Each line from the start of the records through the line containing "sets, together with" is to be transcribed exactly, and no other line is to be included.

(Data extracted from a collection)
/---

(* If F is not a P-filter, I wins by playing the finite intersections of a
   sequence in F with no pseudo-intersection in F: II's union is almost
   contained in each member of the sequence.
   If F is meager, F ⊆ ⋃ N_n with N_n nowhere dense, I wins by always
   playing a tail beyond a finite block [m, b) lying above II's previous
   moves and carrying a pattern such that every set following it on [m, b)
   is outside N_0, ..., N_n.  II's union misses all these blocks, so adding
   the patterns to it gives a superset that lies in no N_n, hence not in F.
   Conversely, let F be a non-meager P-filter and sigma a strategy of I.  A
   pseudo-intersection X ∈ F of sigma's answers to all histories of finite
   sets, together with a fast enough interval partition, makes every point of
   X beyond the next interval a legal answer to any history lying below the
   current one; non-meagerness yields Y ⊆ X in F skipping infinitely many
   intervals.  II answers with the parts of Y between consecutive skipped
   intervals, and its union contains a tail of Y.
   Finally, against a strategy of II, I plays two interleaved runs, always
   offering the complement of all answers given so far in both runs; the two
   unions are disjoint, so they cannot both lie in the proper filter F. *)

Definition cylinder (b : cantor_space) (n : nat) : set cantor_space :=
  [set c | forall i, (i < n)%N -> c i = b i].

Lemma cylinder_nbhs (b : cantor_space) n : nbhs b (cylinder b n).
Proof.
elim: n => [|n IH]; first by near=> z => i; rewrite ltn0.
have bn : nbhs b (proj n @^-1` [set b n] : set cantor_space).
  apply: open_nbhs_nbhs; split => //.
  apply: open_comp; [move=> + _; exact: proj_continuous | exact: discrete_open].
apply: filterS (filterI IH bn) => c [cb cn] i.
by rewrite ltnS leq_eqVlt => /predU1P[->|/cb].
Unshelve. all: end_near. Qed.

Lemma nbhs_cylinder (b : cantor_space) (A : set cantor_space) :
  nbhs b A -> exists n, cylinder b n `<=` A.
Proof.
pose G : set_system cantor_space := filter_from [set: nat] (cylinder b).
have FG : Filter G.
  apply: filter_from_filter; first by exists 0%N.
  move=> i j _ _; exists (maxn i j) => // c cij; split => k ki; apply: cij.
    by rewrite (leq_trans ki) // leq_maxl.
  by rewrite (leq_trans ki) // leq_maxr.
have : G --> b.
  apply/cvg_sup => i A' /= [B [[C _ <-] Cb] BA].
  by exists i.+1 => // c cb; apply: BA => /=; rewrite cb.
by move=> /(_ A) GA /GA [n _ nA]; exists n.
Qed.

Lemma nowhere_dense_cylinder (N : set cantor_space) : nowhere_dense N ->
  forall b n, exists y m, [/\ cylinder b n y, (n <= m)%N &
    forall c, cylinder y m c -> ~ N c].
Proof.
move=> ND b n.
have [y [cby ncy]] : exists y, cylinder b n y /\ ~ closure N y.
  apply: contrapT => nex.
  have : (closure N)° b.
    apply: filterS (cylinder_nbhs b n) => y cy; apply: contrapT => ncy.
    by apply: nex; exists y.
  by rewrite ND.
have [B [yB NB]] : exists B, nbhs y B /\ ~ (N `&` B !=set0).
  apply: contrapT => nex; apply: ncy => B yB; apply: contrapT => NB.
  by apply: nex; exists B.
have [m mB] := nbhs_cylinder yB.
exists y, (maxn n m); split => //; first exact: leq_maxl.
move=> c cy Nc; apply: NB; exists c; split => //; apply: mB => i im.
by apply: cy; rewrite (leq_trans im) // leq_maxr.
Qed.

Definition agree (x y : nat -> bool) a b :=
  forall i, (a <= i < b)%N -> x i = y i.

Lemma nowhere_dense_block (N : set cantor_space) (t u : nat -> bool) m b :
  nowhere_dense N -> (m <= b)%N ->
  exists b' u', [/\ (b <= b')%N, agree u' u m b &
    forall C : cantor_space, agree C t 0 m -> agree C u' m b' -> ~ N C].
Proof.
move=> ND mb.
pose x0 : cantor_space := fun i => if (i < m)%N then t i else u i.
have [y [b' [x0y bb' yN]]] := nowhere_dense_cylinder ND x0 b.
exists b', y; split => //.
  by move=> i /andP[mi ib]; rewrite x0y // /x0 ltnNge mi.
move=> C Ct Cy; apply: yN => i ib'.
case: (ltnP i m) => im; last by apply: Cy; rewrite im.
by rewrite Ct // x0y ?(leq_trans im mb) // /x0 im.
Qed.

Definition tuple_pattern m (t : m.-tuple bool) : nat -> bool := nth false t.

Lemma nowhere_dense_block_patterns (N : nat -> set cantor_space) m
  (L : seq (nat * m.-tuple bool)) : (forall n, nowhere_dense (N n)) ->
  exists b u, (m <= b)%N /\ forall p, p \in L -> forall C : cantor_space,
    agree C (tuple_pattern p.2) 0 m -> agree C u m b -> ~ N p.1 C.
Proof.
move=> ND; elim: L => [|p L [b [u [mb IH]]]]; first by exists m, (fun=> false).
have [b' [u' [bb' u'u pN]]] :=
  nowhere_dense_block (tuple_pattern p.2) u (ND p.1) mb.
exists b', u'; split; first exact: leq_trans bb'.
move=> q; rewrite inE => /predU1P[->|qL] C Ct Cu; first exact: pN Ct Cu.
apply: (IH q qL C Ct) => i /andP[mi ib].
by rewrite Cu ?u'u ?mi ?ib // (leq_trans ib bb').
Qed.

(* Running over all [2^m] patterns below [m] makes the block work whatever
   [C] looks like below [m]. *)
Lemma nowhere_dense_block_uniform (N : nat -> set cantor_space) m k :
  (forall n, nowhere_dense (N n)) ->
  exists b u, (m <= b)%N /\ forall C : cantor_space, agree C u m b ->
    forall n, (n <= k)%N -> ~ N n C.
Proof.
move=> ND; have [b [u [mb H]]] := nowhere_dense_block_patterns
  [seq (n, t) | n <- iota 0 k.+1, t <- enum {: m.-tuple bool}] ND.
exists b, u; split => // C Cu n nk.
apply: (H (n, [tuple of mkseq C m])) => //.
  by apply: allpairs_f; rewrite ?mem_iota ?mem_enum //= add0n ltnS.
by move=> i /andP[_ im]; rewrite /tuple_pattern /= nth_mkseq.
Qed.

Lemma finite_set_ubound (A : set nat) : finite_set A ->
  exists m, forall x, A x -> (x < m)%N.
Proof.
move=> /finite_seqP[s ->]; exists (\max_(x <- s) x).+1 => x xs.
by rewrite ltnS (leq_bigmax_seq (F := id)).
Qed.

Lemma ubound_finite_set (A : set nat) m : (forall x, A x -> (x < m)%N) ->
  finite_set A.
Proof. by move=> Am; apply: (@sub_finite_set _ _ `I_m) (finite_II m). Qed.

Lemma history_ubound (h : seq (set nat)) : exists m, forall i, (i < size h)%N ->
  finite_set (nth set0 h i) -> forall x, nth set0 h i x -> (x < m)%N.
Proof.
elim: h => [|S h [m IH]]; first by exists 0%N.
have [mS SmS] : exists mS, finite_set S -> forall x, S x -> (x < mS)%N.
  have [/finite_set_ubound [mS SmS]|] := pselect (finite_set S).
    by exists mS.
  by exists 0%N.
exists (maxn mS m) => -[|i] /= ih fi x hx; rewrite leq_max.
  by rewrite (SmS fi x hx).
by rewrite (IH i ih fi x hx) orbT.
Qed.

Section ProperFilter.
Variable F : set (set nat).
Hypothesis HF : proper_filter_omega F.

Lemma pfilterS A B : F A -> A `<=` B -> F B.
Proof. by have [[_ h _] _] := HF; apply: h. Qed.

Lemma pfilterI A B : F A -> F B -> F (A `&` B).
Proof. by have [[h _ _] _] := HF; apply: h. Qed.

Lemma pfilter_cofinite A : finite_set (~` A) -> F A.
Proof. by have [[_ _ h] _] := HF; apply: h. Qed.

Lemma pfilter_infinite A : F A -> infinite_set A.
Proof. by have [_ h] := HF; apply: h. Qed.

Lemma pfilter_set0 : ~ F set0.
Proof. by move=> /pfilter_infinite; apply; exact: finite_set0. Qed.

Lemma pfilterT : F setT.
Proof. by apply: pfilter_cofinite; rewrite setCT; exact: finite_set0. Qed.

Lemma pfilter_ge m : F [set x | (m <= x)%N].
Proof.
apply: pfilter_cofinite; apply: (@ubound_finite_set _ m) => x /negP.
by rewrite -ltnNge.
Qed.

End ProperFilter.

Section MeagerStrategy.
Variables (F : set (set nat)) (N : nat -> set cantor_space).
Hypotheses (HF : proper_filter_omega F) (ND : forall n, nowhere_dense (N n))
  (FN : char_of @` F `<=` \bigcup_n N n).

Let hist_ub h := projT1 (cid (history_ubound h)).
Let block m k := cid (nowhere_dense_block_uniform m k ND).
Let block_end m k := projT1 (block m k).
Let block_pattern m k := projT1 (cid (projT2 (block m k))).

Let block_patternP m k : (m <= block_end m k)%N /\
  forall C : cantor_space, agree C (block_pattern m k) m (block_end m k) ->
    forall n, (n <= k)%N -> ~ N n C.
Proof. exact: projT2 (cid (projT2 (block m k))). Qed.

Definition meager_strategy (h : seq (set nat)) : set nat :=
  [set x | (block_end (hist_ub h) (size h) <= x)%N].

Lemma meager_strategy_legal : I_strategy F meager_strategy.
Proof. by move=> h; exact: pfilter_ge. Qed.

Section Run.
Variable s : nat -> set nat.
Hypothesis Hs : II_legal_vs meager_strategy s.

Let M k := hist_ub (mkseq s k).
Let B k := block_end (M k) k.

Let run_ge k x : s k x -> (B k <= x)%N.
Proof.
by have [_ _ sk] := Hs k; move=> /sk; rewrite /meager_strategy /= size_mkseq.
Qed.

Let run_lt i k x : (i < k)%N -> s i x -> (x < M k)%N.
Proof.
move=> ik six; apply: (projT2 (cid (history_ubound (mkseq s k))) i);
  rewrite ?size_mkseq ?nth_mkseq //.
by have [] := Hs i.
Qed.

Let M_le_B k : (M k <= B k)%N.
Proof. by have [] := block_patternP (M k) k. Qed.

Let B_lt_M i k : (i < k)%N -> (B i < M k)%N.
Proof.
move=> ik; have [_ [x six] _] := Hs i.
exact: leq_ltn_trans (run_ge six) (run_lt ik six).
Qed.

Let run_gap i x : (M i <= x < B i)%N -> ~ (\bigcup_k s k) x.
Proof.
move=> /andP[Mx xB] [j _ sjx].
have [ji|ij] := ltnP j i; first by have := run_lt ji sjx; rewrite ltnNge Mx.
suff : (B i <= x)%N by rewrite leqNgt xB.
move: ij; rewrite leq_eqVlt => /predU1P[->|ij]; first exact: run_ge sjx.
exact: leq_trans (ltnW (leq_trans (B_lt_M ij) (M_le_B j))) (run_ge sjx).
Qed.

Lemma meager_strategy_run_loses : ~ F (\bigcup_k s k).
Proof.
move=> Fs.
pose C := \bigcup_k s k `|`
  [set x | exists k, (M k <= x < B k)%N /\ block_pattern (M k) k x].
have FC : F C by apply: (pfilterS HF Fs) => x; left.
have [n _ NC] := FN (ex_intro2 _ _ C FC erefl).
have [_ avoid] := block_patternP (M n) n.
apply: (avoid (char_of C)) NC => // i /andP[Mi iB].
apply: asbool_equiv_eqP; first exact: idP.
split => [[si|[k [/andP[Mk kB] Uk]]]|Ui]; last by right; exists n; rewrite Mi.
  by case: (run_gap (i := n) (x := i)) => //; rewrite Mi iB.
have [kn|nk|<-] // := ltngtP k n.
  by have := B_lt_M kn; rewrite ltnNge (leq_trans Mi (ltnW kB)).
by have := B_lt_M nk; rewrite ltnNge (leq_trans Mk (ltnW iB)).
Qed.

End Run.
End MeagerStrategy.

\---

Problem solution>
(* If F is not a P-filter, I wins by playing the finite intersections of a
   sequence in F with no pseudo-intersection in F: II's union is almost
   contained in each member of the sequence.
   If F is meager, F ⊆ ⋃ N_n with N_n nowhere dense, I wins by always
   playing a tail beyond a finite block [m, b) lying above II's previous
   moves and carrying a pattern such that every set following it on [m, b)
   is outside N_0, ..., N_n.  II's union misses all these blocks, so adding
   the patterns to it gives a superset that lies in no N_n, hence not in F.
   Conversely, let F be a non-meager P-filter and sigma a strategy of I.  A
   pseudo-intersection X ∈ F of sigma's answers to all histories of finite
   sets, together with a fast enough interval partition, makes every point of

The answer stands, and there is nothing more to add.